Stored data entries:
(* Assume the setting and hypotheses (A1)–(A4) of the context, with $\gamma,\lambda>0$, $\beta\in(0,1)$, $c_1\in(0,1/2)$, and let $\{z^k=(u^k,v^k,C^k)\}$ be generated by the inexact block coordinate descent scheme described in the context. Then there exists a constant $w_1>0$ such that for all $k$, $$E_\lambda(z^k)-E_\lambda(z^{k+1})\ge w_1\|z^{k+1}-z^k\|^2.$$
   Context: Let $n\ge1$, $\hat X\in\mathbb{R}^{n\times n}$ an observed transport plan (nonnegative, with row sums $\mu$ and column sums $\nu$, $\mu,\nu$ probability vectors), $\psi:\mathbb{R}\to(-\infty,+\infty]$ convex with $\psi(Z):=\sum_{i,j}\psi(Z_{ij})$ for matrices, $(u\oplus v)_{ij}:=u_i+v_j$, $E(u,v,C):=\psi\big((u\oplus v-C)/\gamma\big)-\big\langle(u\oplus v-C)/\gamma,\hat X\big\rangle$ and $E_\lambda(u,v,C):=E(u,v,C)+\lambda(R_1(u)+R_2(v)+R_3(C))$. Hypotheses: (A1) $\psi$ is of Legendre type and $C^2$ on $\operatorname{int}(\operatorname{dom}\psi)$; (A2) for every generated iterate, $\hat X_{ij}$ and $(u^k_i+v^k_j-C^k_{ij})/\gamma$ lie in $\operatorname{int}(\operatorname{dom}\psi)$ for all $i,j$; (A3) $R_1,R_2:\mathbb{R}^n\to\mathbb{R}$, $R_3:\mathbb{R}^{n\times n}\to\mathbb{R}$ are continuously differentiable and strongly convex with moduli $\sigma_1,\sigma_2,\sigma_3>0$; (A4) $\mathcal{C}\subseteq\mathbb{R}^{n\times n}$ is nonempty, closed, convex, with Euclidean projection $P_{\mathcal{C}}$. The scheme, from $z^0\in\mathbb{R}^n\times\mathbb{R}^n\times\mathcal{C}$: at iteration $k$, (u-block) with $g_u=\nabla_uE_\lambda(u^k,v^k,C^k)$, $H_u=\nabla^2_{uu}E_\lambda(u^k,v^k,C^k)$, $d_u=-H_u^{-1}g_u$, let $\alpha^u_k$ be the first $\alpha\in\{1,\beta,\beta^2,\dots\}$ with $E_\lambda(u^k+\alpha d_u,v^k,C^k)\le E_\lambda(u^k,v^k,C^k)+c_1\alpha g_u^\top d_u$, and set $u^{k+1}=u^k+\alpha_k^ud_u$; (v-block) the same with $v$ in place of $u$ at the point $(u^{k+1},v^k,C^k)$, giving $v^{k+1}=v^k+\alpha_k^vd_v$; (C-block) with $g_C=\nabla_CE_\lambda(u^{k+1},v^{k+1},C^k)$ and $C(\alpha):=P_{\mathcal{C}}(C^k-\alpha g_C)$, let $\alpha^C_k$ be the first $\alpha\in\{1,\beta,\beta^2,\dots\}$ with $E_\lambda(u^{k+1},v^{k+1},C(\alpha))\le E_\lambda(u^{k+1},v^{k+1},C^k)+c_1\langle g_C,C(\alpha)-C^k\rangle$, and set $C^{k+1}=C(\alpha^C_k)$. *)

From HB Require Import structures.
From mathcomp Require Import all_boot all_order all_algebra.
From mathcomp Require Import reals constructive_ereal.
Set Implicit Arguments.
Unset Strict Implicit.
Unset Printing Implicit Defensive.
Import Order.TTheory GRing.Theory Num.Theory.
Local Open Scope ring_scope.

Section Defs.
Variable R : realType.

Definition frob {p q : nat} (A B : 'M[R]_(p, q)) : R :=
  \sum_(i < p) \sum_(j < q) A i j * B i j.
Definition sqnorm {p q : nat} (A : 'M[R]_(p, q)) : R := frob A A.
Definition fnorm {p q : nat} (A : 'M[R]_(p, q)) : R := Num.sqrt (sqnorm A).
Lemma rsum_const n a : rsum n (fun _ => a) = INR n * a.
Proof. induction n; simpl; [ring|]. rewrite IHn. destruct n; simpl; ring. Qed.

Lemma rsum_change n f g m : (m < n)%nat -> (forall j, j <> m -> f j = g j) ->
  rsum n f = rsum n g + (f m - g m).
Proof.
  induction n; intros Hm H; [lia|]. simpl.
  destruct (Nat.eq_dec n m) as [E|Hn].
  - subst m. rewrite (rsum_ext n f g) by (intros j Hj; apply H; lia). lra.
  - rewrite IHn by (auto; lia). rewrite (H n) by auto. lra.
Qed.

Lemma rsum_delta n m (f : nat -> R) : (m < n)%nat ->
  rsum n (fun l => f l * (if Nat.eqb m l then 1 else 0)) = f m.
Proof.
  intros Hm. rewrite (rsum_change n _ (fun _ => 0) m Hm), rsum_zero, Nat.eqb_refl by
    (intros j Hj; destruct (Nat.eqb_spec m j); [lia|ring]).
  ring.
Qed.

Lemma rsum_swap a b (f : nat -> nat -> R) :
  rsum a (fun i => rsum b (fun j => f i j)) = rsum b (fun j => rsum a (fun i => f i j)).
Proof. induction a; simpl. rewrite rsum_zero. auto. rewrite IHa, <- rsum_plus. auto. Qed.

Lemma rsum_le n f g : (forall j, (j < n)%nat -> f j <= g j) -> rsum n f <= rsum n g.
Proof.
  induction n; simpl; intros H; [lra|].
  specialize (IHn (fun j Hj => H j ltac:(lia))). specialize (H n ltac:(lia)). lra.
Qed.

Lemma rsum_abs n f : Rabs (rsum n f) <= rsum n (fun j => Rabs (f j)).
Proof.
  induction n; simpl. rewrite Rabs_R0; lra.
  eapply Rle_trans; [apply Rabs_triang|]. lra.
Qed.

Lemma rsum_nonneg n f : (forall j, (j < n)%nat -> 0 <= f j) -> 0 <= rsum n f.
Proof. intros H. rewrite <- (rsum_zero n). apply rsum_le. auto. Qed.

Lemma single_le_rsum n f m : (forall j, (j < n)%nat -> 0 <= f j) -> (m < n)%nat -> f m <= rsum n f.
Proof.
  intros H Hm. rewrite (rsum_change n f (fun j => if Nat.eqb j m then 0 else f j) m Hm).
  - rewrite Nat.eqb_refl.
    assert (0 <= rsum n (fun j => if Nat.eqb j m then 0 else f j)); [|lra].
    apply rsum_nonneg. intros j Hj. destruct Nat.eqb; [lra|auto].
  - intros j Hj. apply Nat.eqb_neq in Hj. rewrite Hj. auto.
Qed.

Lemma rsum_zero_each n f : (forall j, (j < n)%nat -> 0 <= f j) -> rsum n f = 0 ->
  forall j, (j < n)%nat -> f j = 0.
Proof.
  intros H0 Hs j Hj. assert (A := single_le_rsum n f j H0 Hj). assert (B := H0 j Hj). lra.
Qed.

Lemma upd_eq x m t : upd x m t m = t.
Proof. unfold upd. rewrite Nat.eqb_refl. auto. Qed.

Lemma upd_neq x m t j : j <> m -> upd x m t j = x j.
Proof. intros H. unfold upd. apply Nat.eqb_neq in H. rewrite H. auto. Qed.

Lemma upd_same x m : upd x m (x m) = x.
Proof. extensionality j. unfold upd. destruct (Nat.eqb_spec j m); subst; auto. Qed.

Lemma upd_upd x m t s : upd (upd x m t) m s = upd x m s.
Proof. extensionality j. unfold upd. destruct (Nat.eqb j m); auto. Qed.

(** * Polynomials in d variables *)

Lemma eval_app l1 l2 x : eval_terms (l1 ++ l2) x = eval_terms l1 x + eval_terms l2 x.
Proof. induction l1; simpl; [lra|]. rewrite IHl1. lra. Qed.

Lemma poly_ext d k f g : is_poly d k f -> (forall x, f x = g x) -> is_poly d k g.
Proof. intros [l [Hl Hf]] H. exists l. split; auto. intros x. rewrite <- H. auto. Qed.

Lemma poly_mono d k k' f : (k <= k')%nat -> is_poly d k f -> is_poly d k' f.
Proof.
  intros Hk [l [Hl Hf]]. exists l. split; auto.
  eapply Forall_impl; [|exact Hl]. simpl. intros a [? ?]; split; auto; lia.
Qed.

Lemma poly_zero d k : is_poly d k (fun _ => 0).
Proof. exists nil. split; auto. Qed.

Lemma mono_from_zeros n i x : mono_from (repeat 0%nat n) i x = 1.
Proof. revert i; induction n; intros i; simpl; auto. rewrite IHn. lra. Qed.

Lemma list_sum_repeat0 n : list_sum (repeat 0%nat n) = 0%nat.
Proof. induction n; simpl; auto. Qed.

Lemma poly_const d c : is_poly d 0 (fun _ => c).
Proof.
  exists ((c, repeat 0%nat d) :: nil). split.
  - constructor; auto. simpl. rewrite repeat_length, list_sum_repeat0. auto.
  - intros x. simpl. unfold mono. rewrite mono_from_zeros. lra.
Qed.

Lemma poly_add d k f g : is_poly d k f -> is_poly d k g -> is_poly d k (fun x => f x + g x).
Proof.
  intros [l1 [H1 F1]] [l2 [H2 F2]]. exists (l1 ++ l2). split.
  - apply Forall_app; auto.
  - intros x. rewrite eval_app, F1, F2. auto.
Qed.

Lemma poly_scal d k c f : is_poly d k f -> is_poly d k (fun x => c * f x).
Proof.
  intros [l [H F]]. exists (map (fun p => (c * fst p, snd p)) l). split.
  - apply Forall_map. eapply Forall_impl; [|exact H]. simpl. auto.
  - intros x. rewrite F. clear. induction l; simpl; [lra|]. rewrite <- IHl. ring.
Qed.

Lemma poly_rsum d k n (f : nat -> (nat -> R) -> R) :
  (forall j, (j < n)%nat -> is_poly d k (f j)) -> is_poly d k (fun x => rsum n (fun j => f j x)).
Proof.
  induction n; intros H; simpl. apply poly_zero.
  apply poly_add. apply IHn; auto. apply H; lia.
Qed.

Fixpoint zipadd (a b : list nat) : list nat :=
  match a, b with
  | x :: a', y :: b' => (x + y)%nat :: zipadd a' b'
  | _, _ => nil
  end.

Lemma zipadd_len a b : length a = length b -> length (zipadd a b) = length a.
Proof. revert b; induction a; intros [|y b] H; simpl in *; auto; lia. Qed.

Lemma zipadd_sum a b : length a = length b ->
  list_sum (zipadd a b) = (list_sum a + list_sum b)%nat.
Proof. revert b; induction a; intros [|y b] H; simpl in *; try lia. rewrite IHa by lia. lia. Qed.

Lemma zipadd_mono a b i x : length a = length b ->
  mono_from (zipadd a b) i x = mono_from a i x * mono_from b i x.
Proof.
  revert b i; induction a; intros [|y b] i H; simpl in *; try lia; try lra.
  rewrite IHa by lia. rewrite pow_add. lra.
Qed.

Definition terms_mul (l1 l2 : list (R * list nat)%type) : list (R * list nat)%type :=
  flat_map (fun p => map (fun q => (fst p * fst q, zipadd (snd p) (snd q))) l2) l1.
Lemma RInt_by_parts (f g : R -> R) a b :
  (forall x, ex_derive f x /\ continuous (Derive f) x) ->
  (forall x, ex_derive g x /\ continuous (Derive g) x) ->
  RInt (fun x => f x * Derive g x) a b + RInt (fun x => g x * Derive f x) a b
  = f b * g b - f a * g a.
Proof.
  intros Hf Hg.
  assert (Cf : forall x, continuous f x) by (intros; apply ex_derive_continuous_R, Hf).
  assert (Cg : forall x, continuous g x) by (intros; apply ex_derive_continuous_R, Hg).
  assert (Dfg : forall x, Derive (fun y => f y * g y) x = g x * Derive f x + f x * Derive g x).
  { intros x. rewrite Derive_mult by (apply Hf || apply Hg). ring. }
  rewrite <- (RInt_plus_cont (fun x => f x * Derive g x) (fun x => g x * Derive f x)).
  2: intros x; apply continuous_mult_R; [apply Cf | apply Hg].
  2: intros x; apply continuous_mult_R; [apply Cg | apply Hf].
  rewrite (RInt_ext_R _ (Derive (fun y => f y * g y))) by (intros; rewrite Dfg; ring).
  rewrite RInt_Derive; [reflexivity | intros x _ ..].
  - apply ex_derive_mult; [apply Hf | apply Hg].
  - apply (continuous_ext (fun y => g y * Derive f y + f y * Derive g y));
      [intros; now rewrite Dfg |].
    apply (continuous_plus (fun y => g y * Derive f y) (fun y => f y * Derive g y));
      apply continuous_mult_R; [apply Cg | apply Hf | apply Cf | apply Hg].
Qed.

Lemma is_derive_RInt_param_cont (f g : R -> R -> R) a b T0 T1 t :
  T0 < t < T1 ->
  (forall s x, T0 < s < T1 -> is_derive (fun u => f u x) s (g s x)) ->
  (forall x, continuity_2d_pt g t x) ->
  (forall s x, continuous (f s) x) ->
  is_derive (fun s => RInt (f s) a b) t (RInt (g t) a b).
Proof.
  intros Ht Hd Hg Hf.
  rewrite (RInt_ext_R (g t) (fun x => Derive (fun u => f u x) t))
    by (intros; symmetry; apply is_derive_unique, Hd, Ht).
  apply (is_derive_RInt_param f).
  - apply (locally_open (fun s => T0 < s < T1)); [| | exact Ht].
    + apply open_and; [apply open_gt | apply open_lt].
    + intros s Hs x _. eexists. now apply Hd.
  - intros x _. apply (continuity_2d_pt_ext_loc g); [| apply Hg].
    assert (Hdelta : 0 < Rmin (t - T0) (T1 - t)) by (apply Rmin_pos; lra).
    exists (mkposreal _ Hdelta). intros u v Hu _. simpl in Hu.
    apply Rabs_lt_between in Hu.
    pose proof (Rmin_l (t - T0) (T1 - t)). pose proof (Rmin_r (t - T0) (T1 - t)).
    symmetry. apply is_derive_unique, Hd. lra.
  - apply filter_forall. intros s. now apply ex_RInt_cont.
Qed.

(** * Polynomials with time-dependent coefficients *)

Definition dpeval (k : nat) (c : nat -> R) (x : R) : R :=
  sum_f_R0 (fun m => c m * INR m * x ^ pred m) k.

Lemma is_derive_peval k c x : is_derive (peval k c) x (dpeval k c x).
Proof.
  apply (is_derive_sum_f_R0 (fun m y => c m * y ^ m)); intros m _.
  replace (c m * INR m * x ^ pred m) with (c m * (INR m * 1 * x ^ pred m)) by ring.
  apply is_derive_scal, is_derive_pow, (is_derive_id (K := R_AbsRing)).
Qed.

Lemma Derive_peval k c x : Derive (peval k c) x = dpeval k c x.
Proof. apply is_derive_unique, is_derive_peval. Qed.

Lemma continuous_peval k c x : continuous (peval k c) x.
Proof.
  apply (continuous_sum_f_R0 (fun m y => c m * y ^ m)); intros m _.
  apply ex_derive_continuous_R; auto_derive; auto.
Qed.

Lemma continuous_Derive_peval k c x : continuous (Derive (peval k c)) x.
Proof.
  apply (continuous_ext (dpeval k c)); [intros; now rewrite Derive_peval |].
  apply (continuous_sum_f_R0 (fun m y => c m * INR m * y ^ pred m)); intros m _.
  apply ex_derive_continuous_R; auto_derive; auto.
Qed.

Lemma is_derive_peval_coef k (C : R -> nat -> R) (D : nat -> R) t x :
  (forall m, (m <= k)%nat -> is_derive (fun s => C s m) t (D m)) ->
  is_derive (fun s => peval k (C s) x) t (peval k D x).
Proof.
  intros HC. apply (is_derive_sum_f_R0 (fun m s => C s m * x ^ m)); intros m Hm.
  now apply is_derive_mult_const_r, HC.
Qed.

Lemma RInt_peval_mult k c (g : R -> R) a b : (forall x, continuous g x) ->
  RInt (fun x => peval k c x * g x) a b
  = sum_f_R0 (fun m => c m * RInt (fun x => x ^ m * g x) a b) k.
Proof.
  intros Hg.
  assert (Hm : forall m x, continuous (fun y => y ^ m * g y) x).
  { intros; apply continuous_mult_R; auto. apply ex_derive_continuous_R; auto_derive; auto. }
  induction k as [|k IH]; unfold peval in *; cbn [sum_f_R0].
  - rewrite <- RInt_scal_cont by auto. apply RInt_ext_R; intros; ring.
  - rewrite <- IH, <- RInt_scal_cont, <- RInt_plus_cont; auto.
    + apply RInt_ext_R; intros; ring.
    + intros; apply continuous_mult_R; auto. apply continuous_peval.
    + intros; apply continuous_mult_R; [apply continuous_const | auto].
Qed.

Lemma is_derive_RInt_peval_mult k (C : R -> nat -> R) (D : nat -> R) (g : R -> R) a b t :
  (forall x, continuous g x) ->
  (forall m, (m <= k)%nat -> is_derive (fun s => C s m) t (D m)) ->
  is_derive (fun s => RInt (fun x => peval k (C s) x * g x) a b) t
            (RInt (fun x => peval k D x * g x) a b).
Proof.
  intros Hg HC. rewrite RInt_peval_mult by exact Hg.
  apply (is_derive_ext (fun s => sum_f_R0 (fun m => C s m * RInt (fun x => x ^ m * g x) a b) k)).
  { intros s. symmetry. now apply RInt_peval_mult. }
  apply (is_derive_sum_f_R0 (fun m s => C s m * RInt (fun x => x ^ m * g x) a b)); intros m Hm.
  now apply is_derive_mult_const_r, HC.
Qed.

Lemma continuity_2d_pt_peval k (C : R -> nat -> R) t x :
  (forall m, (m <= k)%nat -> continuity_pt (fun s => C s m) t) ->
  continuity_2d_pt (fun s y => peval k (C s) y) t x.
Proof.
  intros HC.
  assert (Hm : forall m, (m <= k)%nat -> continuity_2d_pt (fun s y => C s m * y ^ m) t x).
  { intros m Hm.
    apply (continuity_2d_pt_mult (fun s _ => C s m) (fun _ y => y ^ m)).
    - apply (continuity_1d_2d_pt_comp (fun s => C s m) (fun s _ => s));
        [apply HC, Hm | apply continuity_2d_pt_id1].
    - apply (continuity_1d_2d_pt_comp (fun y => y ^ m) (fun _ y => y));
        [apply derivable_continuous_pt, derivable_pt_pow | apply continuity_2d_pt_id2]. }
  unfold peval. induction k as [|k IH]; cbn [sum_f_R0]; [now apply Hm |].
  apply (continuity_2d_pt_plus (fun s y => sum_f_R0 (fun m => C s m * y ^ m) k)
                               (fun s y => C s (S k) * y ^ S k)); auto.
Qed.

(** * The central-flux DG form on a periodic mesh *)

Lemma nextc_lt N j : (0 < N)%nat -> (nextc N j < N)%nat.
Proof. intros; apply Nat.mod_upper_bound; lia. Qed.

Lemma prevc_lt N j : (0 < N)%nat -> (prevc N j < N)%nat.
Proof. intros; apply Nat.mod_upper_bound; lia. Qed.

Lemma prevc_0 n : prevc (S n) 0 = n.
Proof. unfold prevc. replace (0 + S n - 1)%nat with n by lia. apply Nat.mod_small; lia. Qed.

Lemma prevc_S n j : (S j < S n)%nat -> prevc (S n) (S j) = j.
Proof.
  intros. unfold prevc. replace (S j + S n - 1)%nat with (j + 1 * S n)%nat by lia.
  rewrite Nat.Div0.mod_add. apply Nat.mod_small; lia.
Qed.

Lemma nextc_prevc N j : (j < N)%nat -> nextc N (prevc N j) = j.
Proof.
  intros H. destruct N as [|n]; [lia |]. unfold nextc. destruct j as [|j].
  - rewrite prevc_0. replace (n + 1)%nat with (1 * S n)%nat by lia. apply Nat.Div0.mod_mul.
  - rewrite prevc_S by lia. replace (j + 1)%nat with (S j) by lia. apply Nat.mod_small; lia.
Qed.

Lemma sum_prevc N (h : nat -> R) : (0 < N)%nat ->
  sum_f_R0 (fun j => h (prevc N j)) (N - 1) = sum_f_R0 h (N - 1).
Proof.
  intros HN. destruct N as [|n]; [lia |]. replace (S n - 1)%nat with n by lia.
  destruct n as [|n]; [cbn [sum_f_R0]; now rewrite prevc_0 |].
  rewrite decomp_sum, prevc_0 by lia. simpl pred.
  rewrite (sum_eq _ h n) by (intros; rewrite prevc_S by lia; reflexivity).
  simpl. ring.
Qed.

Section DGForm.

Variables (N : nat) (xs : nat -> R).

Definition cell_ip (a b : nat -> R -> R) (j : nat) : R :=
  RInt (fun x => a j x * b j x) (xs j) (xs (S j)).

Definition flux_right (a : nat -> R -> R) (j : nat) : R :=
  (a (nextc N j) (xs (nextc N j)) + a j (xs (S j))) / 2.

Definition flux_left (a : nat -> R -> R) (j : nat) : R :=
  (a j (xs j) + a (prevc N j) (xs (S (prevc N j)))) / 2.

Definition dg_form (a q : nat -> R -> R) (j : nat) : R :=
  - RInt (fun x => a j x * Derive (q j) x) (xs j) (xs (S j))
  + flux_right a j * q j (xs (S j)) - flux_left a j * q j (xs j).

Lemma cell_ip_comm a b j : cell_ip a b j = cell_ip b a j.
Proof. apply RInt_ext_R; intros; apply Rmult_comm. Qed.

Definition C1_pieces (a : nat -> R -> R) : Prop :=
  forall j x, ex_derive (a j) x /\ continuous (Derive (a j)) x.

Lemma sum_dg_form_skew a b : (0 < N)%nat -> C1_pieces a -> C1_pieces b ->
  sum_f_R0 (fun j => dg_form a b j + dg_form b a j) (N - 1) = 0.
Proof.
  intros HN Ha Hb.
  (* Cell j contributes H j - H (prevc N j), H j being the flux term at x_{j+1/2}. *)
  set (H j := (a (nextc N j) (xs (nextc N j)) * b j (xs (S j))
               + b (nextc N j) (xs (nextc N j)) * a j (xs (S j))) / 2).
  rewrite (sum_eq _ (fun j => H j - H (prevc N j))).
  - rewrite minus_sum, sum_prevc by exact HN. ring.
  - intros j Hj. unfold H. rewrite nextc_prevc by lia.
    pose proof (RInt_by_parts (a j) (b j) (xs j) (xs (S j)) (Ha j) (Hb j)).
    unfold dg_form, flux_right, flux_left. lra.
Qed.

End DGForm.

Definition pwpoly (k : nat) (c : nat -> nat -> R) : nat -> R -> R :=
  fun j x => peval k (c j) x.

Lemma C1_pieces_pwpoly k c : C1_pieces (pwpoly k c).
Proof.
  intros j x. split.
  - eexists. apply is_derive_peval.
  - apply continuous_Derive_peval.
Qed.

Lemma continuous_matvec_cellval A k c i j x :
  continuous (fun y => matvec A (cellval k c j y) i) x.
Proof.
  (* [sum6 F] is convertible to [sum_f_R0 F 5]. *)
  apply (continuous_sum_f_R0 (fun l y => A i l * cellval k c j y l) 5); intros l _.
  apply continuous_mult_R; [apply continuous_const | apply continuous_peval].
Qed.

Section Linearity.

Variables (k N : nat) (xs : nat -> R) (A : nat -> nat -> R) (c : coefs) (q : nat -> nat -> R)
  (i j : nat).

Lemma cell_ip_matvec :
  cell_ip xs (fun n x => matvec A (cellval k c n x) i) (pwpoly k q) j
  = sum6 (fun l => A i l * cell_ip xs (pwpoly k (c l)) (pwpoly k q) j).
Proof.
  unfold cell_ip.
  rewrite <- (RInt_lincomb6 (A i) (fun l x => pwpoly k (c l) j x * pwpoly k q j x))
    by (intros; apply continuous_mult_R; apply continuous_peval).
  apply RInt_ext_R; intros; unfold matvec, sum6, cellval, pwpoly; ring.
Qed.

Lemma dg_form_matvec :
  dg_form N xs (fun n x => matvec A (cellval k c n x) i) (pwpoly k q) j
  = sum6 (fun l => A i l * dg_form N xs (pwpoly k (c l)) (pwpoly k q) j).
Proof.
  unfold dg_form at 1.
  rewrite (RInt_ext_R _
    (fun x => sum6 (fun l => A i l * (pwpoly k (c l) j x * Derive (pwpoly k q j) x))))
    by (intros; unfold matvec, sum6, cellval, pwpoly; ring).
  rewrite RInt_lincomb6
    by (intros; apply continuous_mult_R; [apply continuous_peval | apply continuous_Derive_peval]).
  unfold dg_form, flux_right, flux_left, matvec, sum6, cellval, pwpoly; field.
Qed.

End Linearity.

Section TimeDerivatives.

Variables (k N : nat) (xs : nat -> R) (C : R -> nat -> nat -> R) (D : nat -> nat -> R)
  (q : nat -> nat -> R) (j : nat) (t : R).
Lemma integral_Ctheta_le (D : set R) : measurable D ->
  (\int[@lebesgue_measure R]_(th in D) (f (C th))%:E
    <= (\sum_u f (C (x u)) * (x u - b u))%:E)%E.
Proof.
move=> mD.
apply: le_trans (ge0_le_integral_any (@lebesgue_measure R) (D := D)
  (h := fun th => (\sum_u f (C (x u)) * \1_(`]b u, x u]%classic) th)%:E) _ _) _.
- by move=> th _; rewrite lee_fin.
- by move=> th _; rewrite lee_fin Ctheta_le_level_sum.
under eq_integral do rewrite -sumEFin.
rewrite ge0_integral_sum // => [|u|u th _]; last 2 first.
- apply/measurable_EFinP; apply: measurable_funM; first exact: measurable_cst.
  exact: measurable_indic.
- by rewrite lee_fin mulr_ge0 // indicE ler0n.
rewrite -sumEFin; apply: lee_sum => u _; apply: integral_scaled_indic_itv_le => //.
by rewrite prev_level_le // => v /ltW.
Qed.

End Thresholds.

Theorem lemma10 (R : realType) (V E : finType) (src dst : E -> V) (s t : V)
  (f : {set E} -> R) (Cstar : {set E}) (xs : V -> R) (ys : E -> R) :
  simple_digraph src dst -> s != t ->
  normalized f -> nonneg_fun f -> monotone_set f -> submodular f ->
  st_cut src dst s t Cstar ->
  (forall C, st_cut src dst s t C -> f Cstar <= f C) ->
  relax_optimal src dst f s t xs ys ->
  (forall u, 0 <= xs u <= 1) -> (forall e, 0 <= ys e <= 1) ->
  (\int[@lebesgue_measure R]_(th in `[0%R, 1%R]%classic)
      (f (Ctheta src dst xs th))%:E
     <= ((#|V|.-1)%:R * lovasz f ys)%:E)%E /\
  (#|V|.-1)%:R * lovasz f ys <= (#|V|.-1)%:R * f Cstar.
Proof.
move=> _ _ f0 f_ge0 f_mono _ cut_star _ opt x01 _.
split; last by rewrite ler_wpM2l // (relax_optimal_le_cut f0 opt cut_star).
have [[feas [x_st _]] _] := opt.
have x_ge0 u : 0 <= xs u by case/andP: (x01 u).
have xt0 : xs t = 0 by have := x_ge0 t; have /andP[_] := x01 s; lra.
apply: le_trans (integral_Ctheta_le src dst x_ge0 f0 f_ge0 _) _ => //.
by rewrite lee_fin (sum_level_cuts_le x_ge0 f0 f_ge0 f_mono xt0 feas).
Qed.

Problem:
Set down again, word for word, the stretch of records from the line with "(xs (S j))) / 2)." to the line with "dg_form N xs (fun", both of those lines included.

Response area:
               + b (nextc N j) (xs (nextc N j)) * a j (xs (S j))) / 2).
  rewrite (sum_eq _ (fun j => H j - H (prevc N j))).
  - rewrite minus_sum, sum_prevc by exact HN. ring.
  - intros j Hj. unfold H. rewrite nextc_prevc by lia.
    pose proof (RInt_by_parts (a j) (b j) (xs j) (xs (S j)) (Ha j) (Hb j)).
    unfold dg_form, flux_right, flux_left. lra.
Qed.

End DGForm.

Definition pwpoly (k : nat) (c : nat -> nat -> R) : nat -> R -> R :=
  fun j x => peval k (c j) x.

Lemma C1_pieces_pwpoly k c : C1_pieces (pwpoly k c).
Proof.
  intros j x. split.
  - eexists. apply is_derive_peval.
  - apply continuous_Derive_peval.
Qed.

Lemma continuous_matvec_cellval A k c i j x :
  continuous (fun y => matvec A (cellval k c j y) i) x.
Proof.
  (* [sum6 F] is convertible to [sum_f_R0 F 5]. *)
  apply (continuous_sum_f_R0 (fun l y => A i l * cellval k c j y l) 5); intros l _.
  apply continuous_mult_R; [apply continuous_const | apply continuous_peval].
Qed.

Section Linearity.

Variables (k N : nat) (xs : nat -> R) (A : nat -> nat -> R) (c : coefs) (q : nat -> nat -> R)
  (i j : nat).

Lemma cell_ip_matvec :
  cell_ip xs (fun n x => matvec A (cellval k c n x) i) (pwpoly k q) j
  = sum6 (fun l => A i l * cell_ip xs (pwpoly k (c l)) (pwpoly k q) j).
Proof.
  unfold cell_ip.
  rewrite <- (RInt_lincomb6 (A i) (fun l x => pwpoly k (c l) j x * pwpoly k q j x))
    by (intros; apply continuous_mult_R; apply continuous_peval).
  apply RInt_ext_R; intros; unfold matvec, sum6, cellval, pwpoly; ring.
Qed.

Lemma dg_form_matvec :
  dg_form N xs (fun n x => matvec A (cellval k c n x) i) (pwpoly k q) j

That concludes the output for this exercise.